> [WHAT TO DO]
Reproduce this listing from its first line through the line with "rewrite !qnumE (exprSr", inclusive, leaving out all that follows.

> [RECORDS FOR THE TASK]

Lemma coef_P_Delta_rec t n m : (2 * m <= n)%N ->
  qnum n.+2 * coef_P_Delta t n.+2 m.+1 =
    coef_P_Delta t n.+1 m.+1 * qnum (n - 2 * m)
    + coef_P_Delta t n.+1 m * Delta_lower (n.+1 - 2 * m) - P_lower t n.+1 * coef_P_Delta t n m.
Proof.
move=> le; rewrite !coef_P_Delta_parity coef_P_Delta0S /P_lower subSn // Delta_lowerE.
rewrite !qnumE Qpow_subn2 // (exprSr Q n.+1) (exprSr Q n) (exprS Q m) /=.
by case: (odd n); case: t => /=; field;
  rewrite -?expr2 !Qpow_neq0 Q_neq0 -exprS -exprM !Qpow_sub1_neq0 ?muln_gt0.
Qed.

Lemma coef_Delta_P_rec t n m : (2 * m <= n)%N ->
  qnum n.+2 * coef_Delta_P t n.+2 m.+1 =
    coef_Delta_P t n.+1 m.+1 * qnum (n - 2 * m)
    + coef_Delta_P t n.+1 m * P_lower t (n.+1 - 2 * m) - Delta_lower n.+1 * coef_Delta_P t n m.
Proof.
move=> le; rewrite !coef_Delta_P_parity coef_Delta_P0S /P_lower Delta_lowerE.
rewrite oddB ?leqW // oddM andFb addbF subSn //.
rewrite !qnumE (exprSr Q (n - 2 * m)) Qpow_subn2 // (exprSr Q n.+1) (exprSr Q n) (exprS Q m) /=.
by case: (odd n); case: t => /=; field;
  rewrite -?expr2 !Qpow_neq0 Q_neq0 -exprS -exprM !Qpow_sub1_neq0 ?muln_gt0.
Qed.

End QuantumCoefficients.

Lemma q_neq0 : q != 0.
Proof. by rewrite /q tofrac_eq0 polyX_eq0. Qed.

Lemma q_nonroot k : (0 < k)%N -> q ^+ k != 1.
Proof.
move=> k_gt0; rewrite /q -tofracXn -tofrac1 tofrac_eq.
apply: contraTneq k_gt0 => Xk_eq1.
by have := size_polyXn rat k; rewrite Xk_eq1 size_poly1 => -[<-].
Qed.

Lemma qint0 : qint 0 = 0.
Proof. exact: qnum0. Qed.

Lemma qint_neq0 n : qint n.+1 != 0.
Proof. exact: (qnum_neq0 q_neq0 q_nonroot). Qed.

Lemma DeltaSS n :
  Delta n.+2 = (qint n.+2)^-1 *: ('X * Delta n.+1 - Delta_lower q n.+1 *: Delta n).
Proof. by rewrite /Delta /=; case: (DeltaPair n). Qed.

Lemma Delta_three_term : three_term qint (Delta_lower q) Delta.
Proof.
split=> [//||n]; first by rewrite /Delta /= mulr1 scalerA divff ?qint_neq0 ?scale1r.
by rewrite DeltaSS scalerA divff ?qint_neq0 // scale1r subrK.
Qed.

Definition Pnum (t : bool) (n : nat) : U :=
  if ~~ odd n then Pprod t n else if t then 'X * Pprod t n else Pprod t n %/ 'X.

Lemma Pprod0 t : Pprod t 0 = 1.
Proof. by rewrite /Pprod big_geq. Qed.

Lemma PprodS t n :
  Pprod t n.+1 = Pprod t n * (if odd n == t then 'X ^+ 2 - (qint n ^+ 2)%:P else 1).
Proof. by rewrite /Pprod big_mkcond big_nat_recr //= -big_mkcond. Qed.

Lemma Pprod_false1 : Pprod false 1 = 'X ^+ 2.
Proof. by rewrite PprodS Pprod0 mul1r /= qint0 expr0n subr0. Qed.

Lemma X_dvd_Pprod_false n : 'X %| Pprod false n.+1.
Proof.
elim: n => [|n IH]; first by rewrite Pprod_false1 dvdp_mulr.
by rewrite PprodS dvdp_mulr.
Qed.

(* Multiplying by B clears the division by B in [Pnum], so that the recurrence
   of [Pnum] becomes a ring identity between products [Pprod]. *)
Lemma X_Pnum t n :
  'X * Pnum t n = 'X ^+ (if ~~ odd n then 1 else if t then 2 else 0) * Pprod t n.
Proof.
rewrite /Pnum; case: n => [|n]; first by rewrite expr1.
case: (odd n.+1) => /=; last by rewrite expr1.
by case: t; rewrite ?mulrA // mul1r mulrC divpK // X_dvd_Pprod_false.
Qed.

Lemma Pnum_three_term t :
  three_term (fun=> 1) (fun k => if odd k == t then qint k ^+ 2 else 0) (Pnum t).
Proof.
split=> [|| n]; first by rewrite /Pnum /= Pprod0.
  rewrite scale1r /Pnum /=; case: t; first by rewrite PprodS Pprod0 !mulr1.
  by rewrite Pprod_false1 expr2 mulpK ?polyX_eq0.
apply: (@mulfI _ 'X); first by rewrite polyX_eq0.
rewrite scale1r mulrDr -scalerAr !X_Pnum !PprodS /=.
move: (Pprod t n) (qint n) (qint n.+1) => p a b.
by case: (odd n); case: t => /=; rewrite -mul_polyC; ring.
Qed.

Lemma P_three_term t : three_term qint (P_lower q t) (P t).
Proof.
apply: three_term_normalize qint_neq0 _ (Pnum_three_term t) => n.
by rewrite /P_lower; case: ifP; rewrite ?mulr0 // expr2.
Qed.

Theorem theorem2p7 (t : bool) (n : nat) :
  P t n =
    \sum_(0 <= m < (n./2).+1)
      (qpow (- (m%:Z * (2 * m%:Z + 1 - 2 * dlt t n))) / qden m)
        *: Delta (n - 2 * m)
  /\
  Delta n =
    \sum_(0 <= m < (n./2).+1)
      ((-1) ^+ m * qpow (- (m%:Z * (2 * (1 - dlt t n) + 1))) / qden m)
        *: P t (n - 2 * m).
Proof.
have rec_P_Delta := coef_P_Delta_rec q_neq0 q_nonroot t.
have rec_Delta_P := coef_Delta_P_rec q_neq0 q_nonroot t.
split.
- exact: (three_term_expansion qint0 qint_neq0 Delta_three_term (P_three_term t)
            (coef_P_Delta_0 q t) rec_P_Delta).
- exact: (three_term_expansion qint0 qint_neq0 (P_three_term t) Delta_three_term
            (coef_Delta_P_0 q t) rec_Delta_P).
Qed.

> [RESULT OF THIS TASK]
Lemma coef_P_Delta_rec t n m : (2 * m <= n)%N ->
  qnum n.+2 * coef_P_Delta t n.+2 m.+1 =
    coef_P_Delta t n.+1 m.+1 * qnum (n - 2 * m)
    + coef_P_Delta t n.+1 m * Delta_lower (n.+1 - 2 * m) - P_lower t n.+1 * coef_P_Delta t n m.
Proof.
move=> le; rewrite !coef_P_Delta_parity coef_P_Delta0S /P_lower subSn // Delta_lowerE.
rewrite !qnumE Qpow_subn2 // (exprSr Q n.+1) (exprSr Q n) (exprS Q m) /=.
by case: (odd n); case: t => /=; field;
  rewrite -?expr2 !Qpow_neq0 Q_neq0 -exprS -exprM !Qpow_sub1_neq0 ?muln_gt0.
Qed.

Lemma coef_Delta_P_rec t n m : (2 * m <= n)%N ->
  qnum n.+2 * coef_Delta_P t n.+2 m.+1 =
    coef_Delta_P t n.+1 m.+1 * qnum (n - 2 * m)
    + coef_Delta_P t n.+1 m * P_lower t (n.+1 - 2 * m) - Delta_lower n.+1 * coef_Delta_P t n m.
Proof.
move=> le; rewrite !coef_Delta_P_parity coef_Delta_P0S /P_lower Delta_lowerE.
rewrite oddB ?leqW // oddM andFb addbF subSn //.
rewrite !qnumE (exprSr Q (n - 2 * m)) Qpow_subn2 // (exprSr Q n.+1) (exprSr Q n) (exprS Q m) /=.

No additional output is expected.